## TASK REQUIREMENTS
Produce as output only the lines below starting at the line with "Lemma measurable_exceedance eta" and continuing through the line with "move=> x [/= lt_fn Nx]; split=> //=.", each one exactly as written.

========

Lemma sum_tailprodnE :
  (\sum_(2 <= i < r.+2) tailprodn i)%:R =
  (if r == s then
     (if (a s <= d s)%N then \sum_(2 <= i < s.+1) tailprod s d a i + 1 else 1)
   else
     (if (a r <= d r)%N then \sum_(2 <= i < r.+2) tailprod s d a i
      else tailprod s d a r.+1)) :> rat.
Proof.
have sum_untrunc m : (a r <= d r)%N -> (m <= r.+2)%N ->
    (\sum_(2 <= i < m) tailprodn i)%:R = \sum_(2 <= i < m) tailprod s d a i :> rat.
  move=> ar_le m_le; rewrite natr_sum; apply: eq_big_nat => i /andP [i2 _].
  by apply: tailprodnE; [lia | left].
have sum_trunc : (d r < a r)%N -> (\sum_(2 <= i < r.+1) tailprodn i = 0)%N.
  by move=> dr_lt; rewrite big_nat big1 // => i /andP [_ ir]; apply: tailprodn_eq0.
rewrite (@big_nat_recr _ _ _ r.+1 2 _ r_gt0) natrD /=.
have tail_top : r = s -> tailprodn r.+1 = 1%N by move=> rs; rewrite /tailprodn rs big_geq.
have [ar_le|dr_lt] := leqP (a r) (d r).
  rewrite sum_untrunc //; have [rs|rs] := eqVneq r s.
    by rewrite tail_top // -rs ar_le.
  rewrite tailprodnE //; last by right.
  by rewrite (@big_nat_recr _ _ _ r.+1 2 _ r_gt0).
rewrite sum_trunc // add0r; have [rs|rs] := eqVneq r s.
  by rewrite tail_top // -rs leqNgt dr_lt.
by rewrite tailprodnE //; right.
Qed.

End TailProducts.

Lemma is_degree_dim1 (K : fieldType) n (J : {mpoly K[n]} -> Prop) (H : nat -> nat) N
    (c : rat) :
  krull_dim J 1 -> (forall dd, hilbert_value J dd (H dd)) ->
  (forall dd, (N <= dd)%N -> (H dd)%:R = c) -> is_degree J c.
Proof.
move=> dimJ HJ H_const; exists 1%N, H; do 2!split=> //.
by move=> eps eps_gt0; exists N => dd Ndd; rewrite H_const // expr0 !divr1 subrr normr0.
Qed.

Section MonomialIdealL.
Variables (K : fieldType) (s : nat) (d a : nat -> nat) (r : nat).
Hypotheses (s_ge2 : (2 <= s)%N)
  (d_gt0 : forall i, (0 < i)%N -> (i <= s)%N -> (0 < d i)%N)
  (r_gt0 : (0 < r)%N) (r_le : (r <= s)%N) (a_r : (0 < a r)%N)
  (a_before : forall i, (i < r)%N -> a i = 0%N)
  (tNL : ~ ideal_gen (Lgens K s d) (monoA K s a)).

Local Notation L := (ideal_gen (Lgens K s d)).
Local Notation La := (ideal_gen (fun g => Lgens K s d g \/ g = monoA K s a)).

(* Variables and exponents are shifted to 0-based indices. *)
Definition d0 (j : 'I_s) := d j.+1.
Definition a0 (j : 'I_s) := a j.+1.
Definition mnm_a : 'X_{1..s} := [multinom a i.+1 | i < s].
(* Let $n,r\ge 1$, ${\bf A}\in\mathbb{H}^n$, $g\in\mathcal{G}$, and ${\bf X}_0\in\mathbb{C}^{n\times r}$. Put ${\bf W}_0={\bf X}_0^{\mathrm H}{\bf A}{\bf X}_0$ and ${\bf G}=\nabla g({\bf W}_0)\in\mathbb{H}^r$. Define ${\bf L}({\bf X})$ by $${\bf L}({\bf X})={\bf X}^{\mathrm H}{\bf A}^{(-)}{\bf X}+{\bf X}^{\mathrm H}{\bf A}^{(+)}{\bf X}_0+{\bf X}_0^{\mathrm H}{\bf A}^{(+)}{\bf X}-{\bf X}_0^{\mathrm H}{\bf A}^{(+)}{\bf X}_0\quad\text{if } g \text{ is MND},$$ $${\bf L}({\bf X})={\bf X}^{\mathrm H}{\bf A}^{(+)}{\bf X}+{\bf X}^{\mathrm H}{\bf A}^{(-)}{\bf X}_0+{\bf X}_0^{\mathrm H}{\bf A}^{(-)}{\bf X}-{\bf X}_0^{\mathrm H}{\bf A}^{(-)}{\bf X}_0\quad\text{if } g \text{ is MNI},$$ and $$l({\bf X};{\bf X}_0)=\mathrm{tr}\big({\bf L}({\bf X})^{\mathrm H}{\bf G}\big)+g({\bf W}_0)-\mathrm{tr}({\bf W}_0{\bf G}),\qquad {\bf X}\in\mathbb{C}^{n\times r}.$$ Then: (i) $l(\cdot;{\bf X}_0)$ is a real-valued concave function on $\mathbb{C}^{n\times r}$ (viewed as a real vector space); (ii) $l({\bf X};{\bf X}_0)\le g({\bf X}^{\mathrm H}{\bf A}{\bf X})$ for all ${\bf X}\in\mathbb{C}^{n\times r}$; (iii) $l({\bf X}_0;{\bf X}_0)=g({\bf X}_0^{\mathrm H}{\bf A}{\bf X}_0)$; (iv) the functions ${\bf X}\mapsto l({\bf X};{\bf X}_0)$ and ${\bf X}\mapsto g({\bf X}^{\mathrm H}{\bf A}{\bf X})$ have the same (real Fréchet) derivative at ${\bf X}={\bf X}_0$.
   Context: $\mathbb{H}^m$ denotes the real vector space of $m\times m$ complex Hermitian matrices, with inner product $\langle{\bf U},{\bf V}\rangle=\mathrm{tr}({\bf U}{\bf V})$; ${\bf U}\succeq{\bf V}$ means ${\bf U}-{\bf V}$ is positive semidefinite. For ${\bf A}\in\mathbb{H}^n$ with eigen-decomposition ${\bf A}=\sum_i\lambda_i{\bf u}_i{\bf u}_i^{\mathrm H}$ (orthonormal ${\bf u}_i$), ${\bf A}^{(+)}=\sum_{\lambda_i>0}\lambda_i{\bf u}_i{\bf u}_i^{\mathrm H}$ and ${\bf A}^{(-)}=\sum_{\lambda_i<0}\lambda_i{\bf u}_i{\bf u}_i^{\mathrm H}$, so ${\bf A}={\bf A}^{(+)}+{\bf A}^{(-)}$. A function $g:\mathbb{H}^r\to\mathbb{R}$ is MND (matrix nondecreasing) if ${\bf W}_1\succeq{\bf W}_2\Rightarrow g({\bf W}_1)\ge g({\bf W}_2)$, and MNI (matrix nonincreasing) if ${\bf W}_1\succeq{\bf W}_2\Rightarrow g({\bf W}_1)\le g({\bf W}_2)$. $\mathcal{G}$ is the family of differentiable convex functions $g:\mathbb{H}^r\to\mathbb{R}$ that are MND or MNI. For differentiable $g$, $\nabla g({\bf W}_0)\in\mathbb{H}^r$ denotes its gradient with respect to the inner product above, i.e. $g({\bf W}_0+\Delta)=g({\bf W}_0)+\mathrm{tr}(\nabla g({\bf W}_0)\Delta)+o(\|\Delta\|)$ for $\Delta\in\mathbb{H}^r$. *)

From HB Require Import structures.
From mathcomp Require Import all_boot all_order all_algebra.
From mathcomp Require Import complex.
From mathcomp Require Import reals.
Set Implicit Arguments.
Unset Strict Implicit.
Unset Printing Implicit Defensive.
Import Order.TTheory GRing.Theory Num.Theory.
Local Open Scope ring_scope.
(* Let $\rho$ be a function quasi-norm over a $\sigma$-finite measure space $(\Omega,\Sigma,\mu)$ and let $f\in L_0^+(\mu)$ with $\rho(f)<\infty$. Then $f$ is dominating if and only if $\lim_n\rho(f\chi_{A_n})=0$ for every non-increasing sequence $(A_n)$ in $\Sigma$ with $\bigcap_nA_n=\emptyset$.
   Context: $L_0^+(\mu)$: measurable functions $\Omega\to[0,\infty]$ modulo a.e. equality. A function quasi-norm is $\rho\colon L_0^+(\mu)\to[0,\infty]$ with (F1) $\rho(tf)=t\rho(f)$, $t\ge0$; (F2) $f\le g$ a.e. $\Rightarrow\rho(f)\le\rho(g)$; (F3) $\rho(\chi_E)<\infty$ if $\mu(E)<\infty$; (F4) for all $E$ with $\mu(E)<\infty$ and $\varepsilon>0$ there is $\delta>0$ with $\mu(A)\le\varepsilon$ whenever $A\subseteq E$ measurable and $\rho(\chi_A)\le\delta$; (F5) $\rho(f+g)\le\kappa(\rho(f)+\rho(g))$. $f$ (with $\rho(f)<\infty$) is dominating if $\lim_n\rho(f_n)=0$ for every non-increasing sequence $(f_n)$ in $L_0^+(\mu)$ with $f_1\le f$ and $\lim_nf_n=0$. *)

From HB Require Import structures.
From mathcomp Require Import all_boot all_order all_algebra.
From mathcomp Require Import all_classical all_reals all_analysis measurable_realfun.
Set Implicit Arguments. Unset Strict Implicit. Unset Printing Implicit Defensive.
Import Order.TTheory GRing.Theory Num.Theory.
Local Open Scope classical_set_scope.
Local Open Scope ring_scope.
Local Open Scope ereal_scope.

Section FQN.
Context {d : measure_display} {T : measurableType d} {R : realType}.
Variable mu : {measure set T -> \bar R}.

(* Representatives of elements of L_0^+(mu): measurable functions T -> [0,+oo]. *)
Definition L0p (f : T -> \bar R) : Prop :=
  measurable_fun setT f /\ forall x, 0 <= f x.

Definition chi (A : set T) : T -> \bar R := fun x => (\1_A x)%:E.

(* rho is given on representatives; it must respect a.e. equality so that it
   is a function on L_0^+(mu). *)
Record function_quasinorm (rho : (T -> \bar R) -> \bar R) : Prop := {
  fqn_ae : forall f g, L0p f -> L0p g -> {ae mu, forall x, f x = g x} -> rho f = rho g ;
  fqn_ge0 : forall f, L0p f -> 0 <= rho f ;
  fqn_F1 : forall (t : R) f, L0p f -> (0 <= t)%R ->
             rho (fun x => t%:E * f x) = t%:E * rho f ;
  fqn_F2 : forall f g, L0p f -> L0p g -> {ae mu, forall x, f x <= g x} -> rho f <= rho g ;
  fqn_F3 : forall E, measurable E -> mu E < +oo -> rho (chi E) < +oo ;
  fqn_F4 : forall E, measurable E -> mu E < +oo -> forall eps : R, (0 < eps)%R ->
             exists2 delta : R, (0 < delta)%R &
               forall A, measurable A -> A `<=` E -> rho (chi A) <= delta%:E ->
                 mu A <= eps%:E ;
  fqn_F5 : exists kappa : R, forall f g, L0p f -> L0p g ->
             rho (f \+ g) <= kappa%:E * (rho f + rho g) }.

Definition dominating (rho : (T -> \bar R) -> \bar R) (f : T -> \bar R) : Prop :=
  rho f < +oo /\
  forall fn : nat -> T -> \bar R,
    (forall n, L0p (fn n)) ->
    (forall n, {ae mu, forall x, fn n.+1 x <= fn n x}) ->
    {ae mu, forall x, fn 0%N x <= f x} ->
    {ae mu, forall x, fn ^~ x @ \oo --> 0} ->
    (fun n => rho (fn n)) @ \oo --> 0.

End FQN.

From mathcomp Require Import all_boot all_order all_algebra.
From mathcomp Require Import all_classical all_reals all_analysis measurable_realfun.
Import Order.TTheory GRing.Theory Num.Theory.
Local Open Scope classical_set_scope.
Local Open Scope ring_scope.
Local Open Scope ereal_scope.

(* The forward implication is immediate: (f chi_{A_n}) is a non-increasing
   sequence below f tending to 0 everywhere.  Conversely, let f_n <= f decrease
   to 0 a.e., and fix eta > 0.  Off a null set N, the exceedance sets
   A_n = [eta f < f_n] \ N decrease to the empty set (f_n x eventually drops
   below eta f x, also when f x = +oo), and f_n <= eta f + f chi_{A_n}.  The
   quasi-triangle inequality gives rho(f_n) <= K (eta rho(f) + rho(f chi_{A_n})),
   which is small for eta small and n large since rho(f) < +oo. *)

Lemma nonneg_cvge0P {R : realType} {u : nat -> \bar R} : (forall n, 0 <= u n) ->
  u @ \oo --> 0 <-> forall e : R, (0 < e)%R -> \forall n \near \oo, u n <= e%:E.
Proof.
move=> u0; split=> [/fine_cvgP [ufin /cvgr0Pnorm_le ucvg] e e0|ule].
  apply: filterS2 ufin (ucvg e e0) => n /fineK <-; rewrite lee_fin.
  exact/le_trans/ler_norm.
apply/fine_cvgP; split.
  apply: filterS (ule 1%R ltr01) => n un.
  by rewrite ge0_fin_numE// (le_lt_trans un) ?ltry.
apply/cvgr0Pnorm_le => e e0; apply: filterS (ule e e0) => n /=.
by move: (u0 n); case: (u n) => //= r; rewrite !lee_fin => r0; rewrite ger0_norm.
Qed.

Lemma cvge0_eventually_le_mul {R : realType} {u : nat -> \bar R} {a : \bar R} {eta : R} :
  (0 < eta)%R -> 0 <= a -> (forall k, u k <= a) -> u @ \oo --> 0 ->
  \forall k \near \oo, u k <= eta%:E * a.
Proof.
move=> eta0; rewrite le_eqVlt => /predU1P[<- ua _|a_gt0 _ u0].
  by near=> k; rewrite mule0; exact: ua.
have eta_a_gt0 : 0 < eta%:E * a by rewrite mule_gt0// lte_fin.
near=> k; apply: ltW; near: k; apply: (u0 [set y | y < eta%:E * a]).
by apply: open_nbhs_nbhs; split; [exact: open_ereal_lt_ereal|].
Unshelve. all: by end_near. Qed.

Lemma bigcap0_eventually_notin {T : Type} {A : nat -> set T} :
  (forall n, A n.+1 `<=` A n) -> \bigcap_n A n = set0 ->
  forall x, \forall n \near \oo, ~ A n x.
Proof.
move=> decA A0 x; have /existsNP[m /= Amx] : ~ (\bigcap_n A n) x by rewrite A0.
exists m => // n /= /subnK <-.
by elim: (n - m)%N => // k IHk /decA.
Qed.

Section chi_L0p.
Context {d : measure_display} {T : measurableType d} {R : realType}.
Implicit Types (A B : set T) (f g : T -> \bar R).

Lemma chi_ge0 A x : 0 <= chi A x :> \bar R.
Proof. by rewrite lee_fin. Qed.

Lemma chi_le1 A x : chi A x <= 1 :> \bar R.
Proof. by rewrite lee_fin indicE; case: (x \in A). Qed.

Lemma chi_le_subset A B x : A `<=` B -> chi A x <= chi B x :> \bar R.
Proof.
move=> AB; rewrite lee_fin !indicE.
by case: (boolP (x \in A)) => // /set_mem/AB/mem_set ->.
Qed.

Lemma measurable_chi A : measurable A -> measurable_fun setT (chi A : T -> \bar R).
Proof. by move=> mA; apply: measurableT_comp => //; exact: measurable_indic. Qed.

Lemma mul_chi_le f A x : 0 <= f x -> f x * chi A x <= f x.
Proof. by move=> f0; rewrite -[leRHS]mule1 lee_wpmul2l// chi_le1. Qed.

Lemma L0p_mul_chi {f A} : L0p f -> measurable A -> L0p (fun x => f x * chi A x).
Proof.
move=> [mf f0] mA; split; first exact/emeasurable_funM/measurable_chi.
by move=> x; rewrite mule_ge0// chi_ge0.
Qed.

Lemma L0p_scale {t : R} {f} : (0 <= t)%R -> L0p f -> L0p (fun x => t%:E * f x).
Proof.
move=> t0 [mf f0]; split; first exact: measurable_funeM.
by move=> x; rewrite mule_ge0.
Qed.

Lemma L0p_add {f g} : L0p f -> L0p g -> L0p (f \+ g).
Proof.
move=> [mf f0] [mg g0]; split; first exact: emeasurable_funD.
by move=> x; rewrite adde_ge0.
Qed.

End chi_L0p.

Lemma fqn_quasi_triangle {d} {T : measurableType d} {R : realType}
    {mu : {measure set T -> \bar R}} {rho : (T -> \bar R) -> \bar R} :
  function_quasinorm mu rho -> exists2 K : R, (0 < K)%R &
  forall f g, L0p f -> L0p g -> rho (f \+ g) <= K%:E * (rho f + rho g).
Proof.
move=> fq; have [kappa kappaP] := fqn_F5 fq.
exists (Num.max kappa 1%R); first by rewrite lt_max ltr01 orbT.
move=> f g Lf Lg; apply: le_trans (kappaP _ _ Lf Lg) _.
by rewrite lee_wpmul2r ?lee_fin ?le_max ?lexx// adde_ge0// (fqn_ge0 fq).
Qed.

Lemma dominating_mul_chi_cvg0 {d} {T : measurableType d} {R : realType}
    {mu : {measure set T -> \bar R}} {rho : (T -> \bar R) -> \bar R} {f}
    (A : nat -> set T) :
  L0p f -> dominating mu rho f ->
  (forall n, measurable (A n)) -> (forall n, A n.+1 `<=` A n) ->
  \bigcap_n A n = set0 ->
  (fun n => rho (fun x => f x * chi (A n) x)) @ \oo --> 0.
Proof.
move=> Lf [_ fdom] mA decA A0; have f0 := Lf.2.
apply: fdom => [n|n||].
- exact: L0p_mul_chi.
- by apply: aeW => x; rewrite lee_wpmul2l// chi_le_subset.
- by apply: aeW => x; rewrite mul_chi_le.
- apply: aeW => x; apply: cvg_near_cst.
  apply: filterS (bigcap0_eventually_notin decA A0 x) => n Anx.
  by rewrite /chi indicE memNset ?mule0.
Qed.

Section dominating_criterion.
Context {d : measure_display} {T : measurableType d} {R : realType}.
Context {mu : {measure set T -> \bar R}} {rho : (T -> \bar R) -> \bar R}.
Hypothesis fq : function_quasinorm mu rho.
Context {f : T -> \bar R} {fn : nat -> T -> \bar R} {N : set T}.
Hypotheses (Lf : L0p f) (Lfn : forall n, L0p (fn n)).
Hypotheses (mN : measurable N) (N0 : mu N = 0).
Hypothesis fn_good : forall {x}, ~ N x ->
  [/\ forall n, fn n.+1 x <= fn n x, fn 0%N x <= f x & fn ^~ x @ \oo --> 0].

Let fn_le_f {x} : ~ N x -> forall n, fn n x <= f x.
Proof.
move=> /fn_good[fn_noninc fn0_le _]; elim=> // n IHn.
exact: le_trans (fn_noninc n) IHn.
Qed.

Definition exceedance (eta : R) n : set T :=
  [set x | eta%:E * f x < fn n x] `\` N.

Lemma measurable_exceedance eta n : measurable (exceedance eta n).
Proof.
apply: measurableD => //; rewrite -[X in measurable X]setTI.
by apply: measurable_lte => //; [exact/measurable_funeM/Lf.1|exact: (Lfn n).1].
Qed.

Lemma exceedance_nonincreasing eta n : exceedance eta n.+1 `<=` exceedance eta n.
Proof.
move=> x [/= lt_fn Nx]; split=> //=.
by have [+ _ _] := fn_good Nx => /(_ n); apply: lt_le_trans.
Qed.

Lemma bigcap_exceedance {eta : R} : (0 < eta)%R -> \bigcap_n exceedance eta n = set0.
Proof.
move=> eta0; apply/seteqP; split=> // x exc_x; have [_ Nx] := exc_x 0%N I.
have [_ _ fn_cvg] := fn_good Nx.
have [m _ fn_small] := cvge0_eventually_le_mul eta0 (Lf.2 x) (fn_le_f Nx) fn_cvg.
have [/= + _] := exc_x m I.
by rewrite ltNge => /negP; apply; apply: fn_small => /=.
Qed.

Lemma fn_le_exceedance eta n x : (0 <= eta)%R -> ~ N x ->
  fn n x <= eta%:E * f x + f x * chi (exceedance eta n) x.
Proof.
move=> eta0 Nx; rewrite /chi indicE.
have [exc_x|exc_x] := boolP (x \in exceedance eta n).
  by rewrite mule1 lee_paddl ?(fn_le_f Nx)// mule_ge0// Lf.2.
rewrite mule0 adde0 leNgt; apply/negP => lt_fn; move/negP: exc_x; apply.
exact/mem_set.
Qed.

Lemma rho_fn_le_exceedance {K eta : R} :
  (forall g h, L0p g -> L0p h -> rho (g \+ h) <= K%:E * (rho g + rho h)) ->
  (0 <= eta)%R -> forall n, rho (fn n) <=
    K%:E * (eta%:E * rho f + rho (fun x => f x * chi (exceedance eta n) x)).
Proof.
move=> K_triangle eta0 n.
have Leta := L0p_scale eta0 Lf.
have Lchi := L0p_mul_chi Lf (measurable_exceedance eta n).
rewrite -(fqn_F1 fq Lf eta0); apply: le_trans (K_triangle _ _ Leta Lchi).
apply: (fqn_F2 fq (Lfn n) (L0p_add Leta Lchi)).
by exists N; split => // x /=; apply: contra_notP => Nx; exact: fn_le_exceedance.
Qed.

Lemma rho_fn_cvg0 : rho f < +oo ->
  (forall A : nat -> set T, (forall n, measurable (A n)) ->
     (forall n, A n.+1 `<=` A n) -> \bigcap_n A n = set0 ->
     (fun n => rho (fun x => f x * chi (A n) x)) @ \oo --> 0) ->
  (fun n => rho (fn n)) @ \oo --> 0.
Proof.
move=> rf_fin chi_cvg0; have [K K0 K_triangle] := fqn_quasi_triangle fq.
apply/nonneg_cvge0P => [n|e e0]; first exact: (fqn_ge0 fq).
pose c := (e / K / 2)%R; have c0 : (0 < c)%R by rewrite !divr_gt0.
pose r := fine (rho f); have r0 : (0 <= r)%R by rewrite fine_ge0// (fqn_ge0 fq).
have rfE : rho f = r%:E by rewrite fineK// ge0_fin_numE// (fqn_ge0 fq).
pose eta := (c / (r + 1))%R; have eta0 : (0 < eta)%R by rewrite divr_gt0// ltr_wpDl.
have eta_rf : eta%:E * rho f <= c%:E.
  rewrite rfE -EFinM lee_fin mulrAC ler_pdivrMr ?ltr_wpDl//.
  by rewrite ler_wpM2l ?ltW// ltrDl.
have rho_exc_ge0 n := fqn_ge0 fq (L0p_mul_chi Lf (measurable_exceedance eta n)).
have /(nonneg_cvge0P rho_exc_ge0) /(_ c c0) := chi_cvg0 _ (measurable_exceedance eta)
  (exceedance_nonincreasing eta) (bigcap_exceedance eta0).
apply: filterS => n rho_exc_le.
apply: le_trans (rho_fn_le_exceedance K_triangle (ltW eta0) n) _.
have -> : e = (K * (c + c))%R by rewrite -splitr mulrC divfK ?gt_eqF.
rewrite (EFinM K) EFinD; apply: lee_wpmul2l; first by rewrite lee_fin ltW.
exact: leeD.
Qed.

End dominating_criterion.

Theorem proposition3p22 (d : measure_display) (T : measurableType d) (R : realType)
  (mu : {measure set T -> \bar R}) (rho : (T -> \bar R) -> \bar R)
  (f : T -> \bar R) :
  sigma_finite setT mu ->
  function_quasinorm mu rho ->
  L0p f -> rho f < +oo ->
  (dominating mu rho f <->
   forall A : nat -> set T,
     (forall n, measurable (A n)) ->
     (forall n, A n.+1 `<=` A n) ->
     \bigcap_n A n = set0 ->
     (fun n => rho (fun x => f x * chi (A n) x)) @ \oo --> 0).
Proof.
move=> _ fq Lf rf_fin; split=> [fdom A|chi_cvg0].
  exact: dominating_mul_chi_cvg0 Lf fdom.
split=> // fn Lfn fn_noninc fn0_le fn_cvg0.
have [N [mN N0 /subsetCl fn_good]] : {ae mu, forall x,
    [/\ forall n, fn n.+1 x <= fn n x, fn 0%N x <= f x & fn ^~ x @ \oo --> 0]}.
  by apply: filterS3 (ae_foralln fn_noninc) fn0_le fn_cvg0 => x; exact: And3.
exact: (rho_fn_cvg0 fq Lf Lfn mN N0 fn_good rf_fin chi_cvg0).
Qed.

========

## ANSWER SECTION
Lemma measurable_exceedance eta n : measurable (exceedance eta n).
Proof.
apply: measurableD => //; rewrite -[X in measurable X]setTI.
by apply: measurable_lte => //; [exact/measurable_funeM/Lf.1|exact: (Lfn n).1].
Qed.

Lemma exceedance_nonincreasing eta n : exceedance eta n.+1 `<=` exceedance eta n.
Proof.
move=> x [/= lt_fn Nx]; split=> //=.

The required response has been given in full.